Nope. And what really puzzle me is in the trace we really show the
difference between queries. The fast queries only request read from one
replicas, while slow queries request from multiple replicas (and not
only local to the dc).
On 07/08/2022 14:02, Stéphane Alleaume wrote:
Hi
Is there some GC which could affect coordinarir node ?
Kind regards
Stéphane
Le dim. 7 août 2022, 13:41, Raphael Mazelier <r...@futomaki.net> a écrit :
Thanks for the answer but I was well aware of this. I use localOne
as consistency level.
My client connect to a local seeds, then choose a local
coordinator (as far I can understand the trace log).
Then for a batch of request I got approximately 98% of request
treated in 2/3ms in local DC with one read request, and 2% treated
by many nodes (according to the trace) and then way longer (250ms).
?
On 06/08/2022 14:30, Bowen Song via user wrote:
See the diagram below. Your problem almost certainly arises from
step 4, in which an incorrect consistency level set by the client
caused the coordinator node to send the READ command to nodes in
other DCs.
The load balancing policy only affects step 2 and 3, not step 1 or 4.
You should change the consistency level to
LOCAL_ONE/LOCAL_QUORUM/etc. to fix the problem.
On 05/08/2022 22:54, Bowen Song wrote:
The DCAwareRoundRobinPolicy/TokenAwareHostPolicy controlls which
Cassandra coordinator node the client sends queries to, not the
nodes it connects to, nor the nodes that performs the actual read.
A client sends a CQL read query to a coordinator node, and the
coordinator node parses the CQL query, and send READ requests to
other nodes in the cluster based on the consistency level.
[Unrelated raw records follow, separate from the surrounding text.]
(* Let $\mathcal H_A,\mathcal H_B$ be finite-dimensional complex Hilbert spaces and let $\rho$ be a separable density matrix on $\mathcal H_A\otimes\mathcal H_B$ with full rank, $\mathcal R(\rho)=\dim(\mathcal H_A\otimes\mathcal H_B)$. If $\rho$ lies on the boundary of the set of PPT states, then $\mathcal R(\rho)>\mathcal R(\rho^{T_B})$.
   Context: $\rho^{T_B}=(\mathbf 1_A\otimes T)\rho$ is the partial transpose, with $T$ transposition in a chosen basis of $\mathcal H_B$. The set of PPT states is $\{\rho\ \text{density matrix}:\rho^{T_B}\ge 0\}$, a closed convex subset of the set of density matrices; its boundary is taken relative to the set of density matrices (so boundary points are arbitrarily close to density matrices whose partial transpose has a negative eigenvalue). $\mathcal R(\cdot)$ denotes the rank. $\rho$ is separable if it is a convex combination of pure product states $|\psi\rangle\langle\psi|\otimes|\phi\rangle\langle\phi|$. *)

(* complex numbers are R[i] (mathcomp-real-closed's complex)
   over R : realType (the real numbers); tensor product of matrices is
   mxtens's tensmx (notation A *t B), with the index of (a,b) in
   'I_(dA*dB) given by mxtens_index (a,b) = a*dB + b. *)
From HB Require Import structures.
From mathcomp Require Import all_boot all_order all_algebra.
From mathcomp Require Export complex mxtens.
From mathcomp Require Export reals.
Set Implicit Arguments.
Unset Strict Implicit.
Unset Printing Implicit Defensive.
Import Order.TTheory GRing.Theory Num.Theory.
Local Open Scope ring_scope.

Section QInfo.
Variable C : numClosedFieldType.

Definition hconj m n (A : 'M[C]_(m, n)) : 'M[C]_(n, m) := (map_mx Num.conj A)^T.

Definition hermitian n (A : 'M[C]_n) : Prop := hconj A = A.

Definition psd n (A : 'M[C]_n) : Prop :=
  hermitian A /\ forall v : 'cV[C]_n, 0 <= (hconj v *m A *m v) 0 0.

Definition density_matrix n (A : 'M[C]_n) : Prop := psd A /\ \tr A = 1.

Definition ptransB dA dB (rho : 'M[C]_(dA * dB)) : 'M[C]_(dA * dB) :=
  \matrix_(i, j)
    rho (mxtens_index ((mxtens_unindex i).1, (mxtens_unindex j).2))
        (mxtens_index ((mxtens_unindex j).1, (mxtens_unindex i).2)).

Definition proj n (v : 'cV[C]_n) : 'M[C]_n := v *m hconj v.

Definition unit_vector n (v : 'cV[C]_n) : Prop := hconj v *m v = 1%:M.

Definition separable dA dB (rho : 'M[C]_(dA * dB)) : Prop :=
  exists (N : nat) (p : 'I_N -> C) (psi : 'I_N -> 'cV[C]_dA)
         (phi : 'I_N -> 'cV[C]_dB),
    [/\ forall k, 0 <= p k,
        \sum_(k < N) p k = 1,
        forall k, unit_vector (psi k),
        forall k, unit_vector (phi k) &
        rho = \sum_(k < N) p k *: (proj (psi k) *t proj (phi k))].

Definition ppt dA dB (rho : 'M[C]_(dA * dB)) : Prop :=
  density_matrix rho /\ psd (ptransB rho).

Definition ppt_boundary dA dB (rho : 'M[C]_(dA * dB)) : Prop :=
  ppt rho /\
  forall eps : C, 0 < eps ->
    exists sigma : 'M[C]_(dA * dB),
      [/\ density_matrix sigma, ~ psd (ptransB sigma) &
          forall i j, `|rho i j - sigma i j| < eps].

End QInfo.

From Pilot Require Import Defs.
From HB Require Import structures.
From mathcomp Require Import all_boot all_order all_algebra.
From mathcomp Require Import complex mxtens reals.
From mathcomp Require Import ring.
Import Order.TTheory GRing.Theory Num.Theory.
Local Open Scope ring_scope.

Set Implicit Arguments.
Unset Strict Implicit.
Unset Printing Implicit Defensive.

(* If rho^{T_B} also had full rank it would be positive definite, and positive
   definiteness is an open condition among Hermitian matrices: an invertible
   psd M is coercive, |v|^2 <= K <v, M v>, while an entrywise eps-perturbation
   moves <v, M v> by at most eps n |v|^2.  Since partial transposition is
   continuous entrywise and preserves hermiticity, all density matrices close
   to rho would then be PPT, so rho would be interior to the PPT set. *)

Section PositiveDefinite.
Variable C : numClosedFieldType.

Lemma hconjD m n (A B : 'M[C]_(m, n)) : hconj (A + B) = hconj A + hconj B.
Proof. by apply/matrixP => i j; rewrite !mxE rmorphD. Qed.

Lemma hconjZ m n a (A : 'M[C]_(m, n)) : hconj (a *: A) = a^* *: hconj A.
Proof. by apply/matrixP => i j; rewrite !mxE rmorphM. Qed.

Lemma hconjK m n (A : 'M[C]_(m, n)) : hconj (hconj A) = A.
Proof. by apply/matrixP => i j; rewrite !mxE conjCK. Qed.

Lemma hconjM m n p (A : 'M[C]_(m, n)) (B : 'M[C]_(n, p)) :
  hconj (A *m B) = hconj B *m hconj A.
Proof. by rewrite /hconj map_mxM trmx_mul. Qed.

Lemma hconj_delta n (i : 'I_n) :
  hconj (delta_mx i 0 : 'cV[C]_n) = delta_mx 0 i.
Proof.
by apply/matrixP => p q; rewrite !mxE; case: eqP; case: eqP;
  rewrite /= ?rmorph1 ?rmorph0.
Qed.

Definition hform n (M : 'M[C]_n) (u v : 'cV[C]_n) : C :=
  (hconj u *m M *m v) 0 0.

Definition sqnorm n (v : 'cV[C]_n) : C := \sum_i `|v i 0| ^+ 2.

Lemma hformB n (M N : 'M[C]_n) u v :
  hform (M - N) u v = hform M u v - hform N u v.
Proof. by rewrite /hform mulmxBr mulmxBl !mxE. Qed.

Lemma hformDZ n (M : 'M[C]_n) a b c d u v x y :
  hform M (a *: u + b *: v) (c *: x + d *: y) =
  a^* * c * hform M u x + a^* * d * hform M u y +
  b^* * c * hform M v x + b^* * d * hform M v y.
Proof.
rewrite /hform hconjD !hconjZ !mulmxDl !mulmxDr -!scalemxAl -!scalemxAr !mxE.
ring.
Qed.

Lemma hform_conj n (M : 'M[C]_n) u v :
  Defs.hermitian M -> (hform M u v)^* = hform M v u.
Proof.
move=> HM; rewrite /hform.
have -> : ((hconj u *m M *m v) 0 0)^* = hconj (hconj u *m M *m v) 0 0.
  by rewrite !mxE.
by rewrite !hconjM hconjK HM mulmxA.
Qed.

Lemma hform_real n (M : 'M[C]_n) v :
  Defs.hermitian M -> hform M v v \is Num.real.
Proof. by move=> HM; rewrite CrealE hform_conj. Qed.

(* The [+ 1] keeps the coefficient of [v] in the test vector positive, which
   avoids a case split on [hform M u u = 0]. *)
Lemma psd_cauchy_schwarz n (M : 'M[C]_n) u v : psd M ->
  hform M u v * (hform M u v)^* <= (hform M u u + 1) * hform M v v.
Proof.
move=> [HM Mge0]; set x := hform M u v; set a := hform M u u + 1.
have a_gt0 : 0 < a by rewrite ltr_pwDr // Mge0.
have a_conj : a^* = a by rewrite conj_Creal // gtr0_real.
have := Mge0 (a *: v + (- x) *: u).
rewrite -/(hform _ _ _) hformDZ a_conj -(hform_conj u v HM) -/x rmorphN.
have -> : a * a * hform M v v + a * - x * x^* + - x^* * a * x
          + - x^* * - x * hform M u u
          = a * (a * hform M v v - x * x^*) - x * x^* by rewrite /a; ring.
rewrite subr_ge0 => /(le_trans (mul_conjC_ge0 x)).
by rewrite pmulr_rge0 // subr_ge0.
Qed.

Lemma hform_invmx_delta n (M : 'M[C]_n) v i :
  Defs.hermitian M -> M \in unitmx ->
  hform M (invmx M *m delta_mx i 0) v = v i 0.
Proof.
move=> HM Mu; rewrite /hform -{2}HM -hconjM mulmxA mulmxV // mul1mx.
by rewrite hconj_delta -rowE mxE.
Qed.

(* Cauchy-Schwarz bounds each coordinate [v i = hform M (M^-1 e_i) v]. *)
Lemma psd_unitmx_coercive n (M : 'M[C]_n) : psd M -> M \in unitmx ->
  exists2 K, 0 <= K & forall v, sqnorm v <= K * hform M v v.
Proof.
move=> Mpsd Mu; have [HM Mge0] := Mpsd.
pose w (i : 'I_n) : 'cV_n := invmx M *m delta_mx i 0.
exists (\sum_i (hform M (w i) (w i) + 1)).
  by apply: sumr_ge0 => i _; apply: addr_ge0; [exact: Mge0|].
move=> v; rewrite mulr_suml; apply: ler_sum => i _.
by rewrite normCK -(hform_invmx_delta v i HM Mu) psd_cauchy_schwarz.
Qed.

Lemma hform_entry_bound n (E : 'M[C]_n) v (eps : C) : 0 <= eps ->
  (forall i j, `|E i j| <= eps) -> `|hform E v v| <= eps * (n%:R * sqnorm v).
Proof.
move=> eps_ge0 Ele.
have -> : hform E v v = \sum_k \sum_j ((v j 0)^* * E j k * v k 0).
  rewrite /hform mxE; apply: eq_bigr => k _.
  by rewrite mxE mulr_suml; apply: eq_bigr => j _; rewrite !mxE.
apply: le_trans (ler_norm_sum _ _ _) _.
apply: (@le_trans _ _ (\sum_k \sum_j eps * (`|v j 0| * `|v k 0|))).
  apply: ler_sum => k _; apply: le_trans (ler_norm_sum _ _ _) _.
  apply: ler_sum => j _; rewrite !normrM norm_conjC mulrAC [eps * _]mulrC.
  by rewrite ler_wpM2l ?mulr_ge0.
under eq_bigr do rewrite -mulr_sumr.
rewrite -mulr_sumr ler_wpM2l // -(ler_pMn2r (_ : (0 < 2)%N)) //.
rewrite -sumrMnl; under eq_bigr do rewrite -sumrMnl.
apply: (@le_trans _ _ (\sum_k \sum_j (`|v j 0| ^+ 2 + `|v k 0| ^+ 2))).
  apply: ler_sum => k _; apply: ler_sum => j _.
  exact: (real_leif_mean_square_scaled (normr_real _) (normr_real _)).1.
under eq_bigr do rewrite big_split /= big_const_ord iter_addr_0.
by rewrite big_split /= sumr_const card_ord sumrMnl mulr_natl mulr2n.
Qed.

Lemma psd_unitmx_stable n (M : 'M[C]_n) : psd M -> M \in unitmx ->
  exists2 eps : C, 0 < eps & forall N : 'M[C]_n, Defs.hermitian N ->
    (forall i j, `|N i j - M i j| < eps) -> psd N.
Proof.
move=> Mpsd Mu; have [HM Mge0] := Mpsd.
have [K K_ge0 coerc] := psd_unitmx_coercive Mpsd Mu.
set c := n%:R * K + 1; have c_gt0 : 0 < c by rewrite ltr_wpDl ?mulr_ge0.
exists c^-1 => [|N HN NM_close]; first by rewrite invr_gt0.
split=> // v; rewrite -/(hform N v v).
have a_ge0 : 0 <= hform M v v := Mge0 v.
have d_le : `|hform (N - M) v v| <= hform M v v.
  apply: le_trans (hform_entry_bound (eps := c^-1) v _ _) _.
  - by rewrite invr_ge0 ltW.
  - by move=> i j; rewrite !mxE ltW.
  apply: (@le_trans _ _ (n%:R * K / c * hform M v v)).
    rewrite [leRHS](_ : _ = c^-1 * (n%:R * (K * hform M v v))).
      by rewrite !ler_wpM2l // invr_ge0 ltW.
    by rewrite mulrAC [in LHS]mulrC mulrA.
  by rewrite -[leRHS]mul1r ler_wpM2r // ler_pdivrMr // mul1r lerDl.
have d_real : hform (N - M) v v \is Num.real.
  by rewrite hformB rpredB ?hform_real.
have -> : hform N v v = hform M v v + hform (N - M) v v.
  by rewrite hformB addrC subrK.
by rewrite addrC -[hform M v v]opprK subr_ge0; apply: real_lerNnormlW.
Qed.

Lemma ptransB_hermitian dA dB (rho : 'M[C]_(dA * dB)) :
  Defs.hermitian rho -> Defs.hermitian (ptransB rho).
Proof. by move=> Hrho; apply/matrixP => i j; rewrite !mxE -{2}Hrho !mxE. Qed.

End PositiveDefinite.

Theorem lemma2 (R : realType) (dA dB : nat) (rho : 'M[R[i]]_(dA * dB)) :
  density_matrix rho ->
  separable rho ->
  \rank rho = (dA * dB)%N ->
  ppt_boundary rho ->
  (\rank (ptransB rho) < \rank rho)%N.
Proof.
move=> _ _ rho_full [[_ rhoT_psd] near_nonppt].
rewrite rho_full ltn_neqAle rank_leq_row andbT; apply/negP => /eqP rhoT_full.
have rhoT_unit : ptransB rho \in unitmx.
  by rewrite -row_free_unit /row_free rhoT_full.
have [eps eps_gt0 psd_near] := psd_unitmx_stable rhoT_psd rhoT_unit.
have [sigma [[[sigma_herm _] _] sigmaT_nonpsd sigma_close]] :=
  near_nonppt eps eps_gt0.
apply: sigmaT_nonpsd; apply: psd_near; first exact: ptransB_hermitian.
by move=> i j; rewrite !mxE distrC.
Qed.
Have you checked the consistency level of the session (and the
query if applicable)? Is it prefixed with "LOCAL_"? If not, the
coordinator will send the READ requests to non-local DCs.
On 05/08/2022 19:40, Raphael Mazelier wrote:
Hi Cassandra Users,
I'm relatively new to Cassandra and first I have to say I'm
really impressed by the technology.
Good design and a lot of stuff to understand the underlying
(the Oreilly book help a lot as well as thelastpickle blog post).
I have an muli-datacenter c* cluster (US, Europe, Singapore)
with eight node on each (two seeds on each region), two racks
on Eu, Singapore, 3 on US. Everything deployed in AWS.
We have a keyspace configured with network topology and two
replicas on every region like this: {'class':
'NetworkTopologyStrategy', 'ap-southeast-1': '2', 'eu-west-1':
'2', 'us-east-1': '2'}
Investigating some performance issue I noticed strange things
in my experiment:
What we expect is very slow latency 3/5ms max for this specific
select query. So we want every read to be local the each
datacenter.
We configure DCAwareRoundRobinPolicy(local_dc=DC) in python,
and the same in Go
gocql.TokenAwareHostPolicy(gocql.DCAwareRoundRobinPolicy("DC"))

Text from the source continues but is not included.